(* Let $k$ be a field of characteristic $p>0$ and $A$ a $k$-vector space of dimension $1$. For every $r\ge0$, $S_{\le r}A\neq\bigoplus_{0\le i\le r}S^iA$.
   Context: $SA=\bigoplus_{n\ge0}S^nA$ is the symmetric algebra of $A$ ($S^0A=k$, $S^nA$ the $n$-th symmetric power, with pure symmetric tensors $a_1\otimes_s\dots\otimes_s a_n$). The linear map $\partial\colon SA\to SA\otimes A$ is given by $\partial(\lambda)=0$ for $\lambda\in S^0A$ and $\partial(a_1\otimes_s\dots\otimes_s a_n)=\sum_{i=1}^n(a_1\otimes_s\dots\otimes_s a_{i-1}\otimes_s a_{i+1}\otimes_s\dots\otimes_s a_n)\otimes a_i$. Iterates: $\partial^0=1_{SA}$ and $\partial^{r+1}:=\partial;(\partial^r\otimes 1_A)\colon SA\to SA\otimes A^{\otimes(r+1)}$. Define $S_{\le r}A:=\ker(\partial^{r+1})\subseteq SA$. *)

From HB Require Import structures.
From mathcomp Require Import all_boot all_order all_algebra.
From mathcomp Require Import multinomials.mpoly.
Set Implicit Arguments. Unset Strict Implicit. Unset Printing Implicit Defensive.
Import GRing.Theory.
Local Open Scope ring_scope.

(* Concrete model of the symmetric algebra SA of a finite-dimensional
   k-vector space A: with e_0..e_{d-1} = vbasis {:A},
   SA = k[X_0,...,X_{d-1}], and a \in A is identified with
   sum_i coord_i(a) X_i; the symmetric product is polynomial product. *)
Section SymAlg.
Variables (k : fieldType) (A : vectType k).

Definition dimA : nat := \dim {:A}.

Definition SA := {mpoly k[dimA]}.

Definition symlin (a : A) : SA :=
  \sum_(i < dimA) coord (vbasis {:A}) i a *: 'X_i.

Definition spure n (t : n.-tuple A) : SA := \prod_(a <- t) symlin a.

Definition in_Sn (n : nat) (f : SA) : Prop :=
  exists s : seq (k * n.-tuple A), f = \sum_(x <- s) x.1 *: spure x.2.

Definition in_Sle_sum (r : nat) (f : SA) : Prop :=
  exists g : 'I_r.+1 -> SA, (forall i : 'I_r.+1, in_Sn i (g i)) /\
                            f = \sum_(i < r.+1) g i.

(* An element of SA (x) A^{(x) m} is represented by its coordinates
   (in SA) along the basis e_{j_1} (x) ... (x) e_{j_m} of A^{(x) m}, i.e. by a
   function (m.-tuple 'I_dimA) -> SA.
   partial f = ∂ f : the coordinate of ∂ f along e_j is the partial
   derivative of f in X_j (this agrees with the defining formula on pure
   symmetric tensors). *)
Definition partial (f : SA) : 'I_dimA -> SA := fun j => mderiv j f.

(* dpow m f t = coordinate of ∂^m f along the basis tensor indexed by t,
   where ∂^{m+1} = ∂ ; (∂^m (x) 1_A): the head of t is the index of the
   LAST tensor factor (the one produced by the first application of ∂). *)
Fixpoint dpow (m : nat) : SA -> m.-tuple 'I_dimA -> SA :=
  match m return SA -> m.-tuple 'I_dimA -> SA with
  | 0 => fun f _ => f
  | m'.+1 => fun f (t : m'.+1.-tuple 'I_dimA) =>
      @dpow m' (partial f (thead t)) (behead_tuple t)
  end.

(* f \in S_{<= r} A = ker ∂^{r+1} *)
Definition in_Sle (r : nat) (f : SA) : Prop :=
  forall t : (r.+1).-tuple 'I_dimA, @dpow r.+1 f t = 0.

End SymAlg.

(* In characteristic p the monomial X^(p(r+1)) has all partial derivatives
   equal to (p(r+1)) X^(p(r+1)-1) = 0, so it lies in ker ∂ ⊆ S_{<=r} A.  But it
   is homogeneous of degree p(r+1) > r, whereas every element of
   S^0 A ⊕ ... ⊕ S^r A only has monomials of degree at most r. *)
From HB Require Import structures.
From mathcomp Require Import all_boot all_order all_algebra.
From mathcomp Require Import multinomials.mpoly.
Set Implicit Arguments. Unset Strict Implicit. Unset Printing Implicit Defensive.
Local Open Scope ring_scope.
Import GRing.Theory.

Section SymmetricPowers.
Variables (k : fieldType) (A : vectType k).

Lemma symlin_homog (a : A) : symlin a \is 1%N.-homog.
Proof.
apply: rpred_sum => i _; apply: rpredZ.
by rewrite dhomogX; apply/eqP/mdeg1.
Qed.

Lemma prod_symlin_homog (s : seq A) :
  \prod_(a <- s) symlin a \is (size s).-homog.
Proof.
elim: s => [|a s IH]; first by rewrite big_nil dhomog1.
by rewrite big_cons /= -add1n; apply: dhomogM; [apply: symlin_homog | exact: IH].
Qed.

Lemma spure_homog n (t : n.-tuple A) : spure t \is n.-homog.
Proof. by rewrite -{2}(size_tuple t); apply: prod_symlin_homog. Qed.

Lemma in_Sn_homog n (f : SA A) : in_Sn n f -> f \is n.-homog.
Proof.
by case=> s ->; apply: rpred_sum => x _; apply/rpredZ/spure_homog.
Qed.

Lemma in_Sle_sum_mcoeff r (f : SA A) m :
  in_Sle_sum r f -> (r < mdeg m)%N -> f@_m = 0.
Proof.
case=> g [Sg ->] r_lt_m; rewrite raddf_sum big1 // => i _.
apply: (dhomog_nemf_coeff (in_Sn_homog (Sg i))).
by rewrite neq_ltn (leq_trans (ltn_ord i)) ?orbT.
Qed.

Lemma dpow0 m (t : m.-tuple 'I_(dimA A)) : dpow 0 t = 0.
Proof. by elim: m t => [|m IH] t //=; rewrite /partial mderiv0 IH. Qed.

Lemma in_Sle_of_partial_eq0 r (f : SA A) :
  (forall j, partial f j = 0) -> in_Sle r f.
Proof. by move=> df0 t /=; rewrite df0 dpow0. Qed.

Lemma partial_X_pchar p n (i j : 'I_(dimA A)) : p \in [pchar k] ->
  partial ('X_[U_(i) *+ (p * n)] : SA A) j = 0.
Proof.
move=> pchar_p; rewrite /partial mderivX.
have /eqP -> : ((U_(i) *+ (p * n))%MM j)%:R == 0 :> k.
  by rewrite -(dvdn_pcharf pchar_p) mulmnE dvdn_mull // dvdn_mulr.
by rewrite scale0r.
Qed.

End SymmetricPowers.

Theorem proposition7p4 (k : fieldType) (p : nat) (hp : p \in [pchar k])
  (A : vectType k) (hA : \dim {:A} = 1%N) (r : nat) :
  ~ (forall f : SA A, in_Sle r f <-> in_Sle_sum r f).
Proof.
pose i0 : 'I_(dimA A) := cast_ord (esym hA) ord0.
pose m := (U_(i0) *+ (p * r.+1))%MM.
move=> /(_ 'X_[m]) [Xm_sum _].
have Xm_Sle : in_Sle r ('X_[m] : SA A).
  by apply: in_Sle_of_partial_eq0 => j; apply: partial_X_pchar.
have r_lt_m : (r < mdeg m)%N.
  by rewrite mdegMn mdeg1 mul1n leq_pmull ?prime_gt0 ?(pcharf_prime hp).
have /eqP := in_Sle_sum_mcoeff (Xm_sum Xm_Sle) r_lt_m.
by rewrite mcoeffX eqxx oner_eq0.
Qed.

========

• TASK REQUIREMENTS
Exact copies of the lines from the one holding "pose m := (U_(i0) *+ (p * r.+1))%MM." to the end of the entries are all that should be written.

• SOLUTION TO THIS EXERCISE
pose m := (U_(i0) *+ (p * r.+1))%MM.
move=> /(_ 'X_[m]) [Xm_sum _].
have Xm_Sle : in_Sle r ('X_[m] : SA A).
  by apply: in_Sle_of_partial_eq0 => j; apply: partial_X_pchar.
have r_lt_m : (r < mdeg m)%N.
  by rewrite mdegMn mdeg1 mul1n leq_pmull ?prime_gt0 ?(pcharf_prime hp).
have /eqP := in_Sle_sum_mcoeff (Xm_sum Xm_Sle) r_lt_m.
by rewrite mcoeffX eqxx oner_eq0.
Qed.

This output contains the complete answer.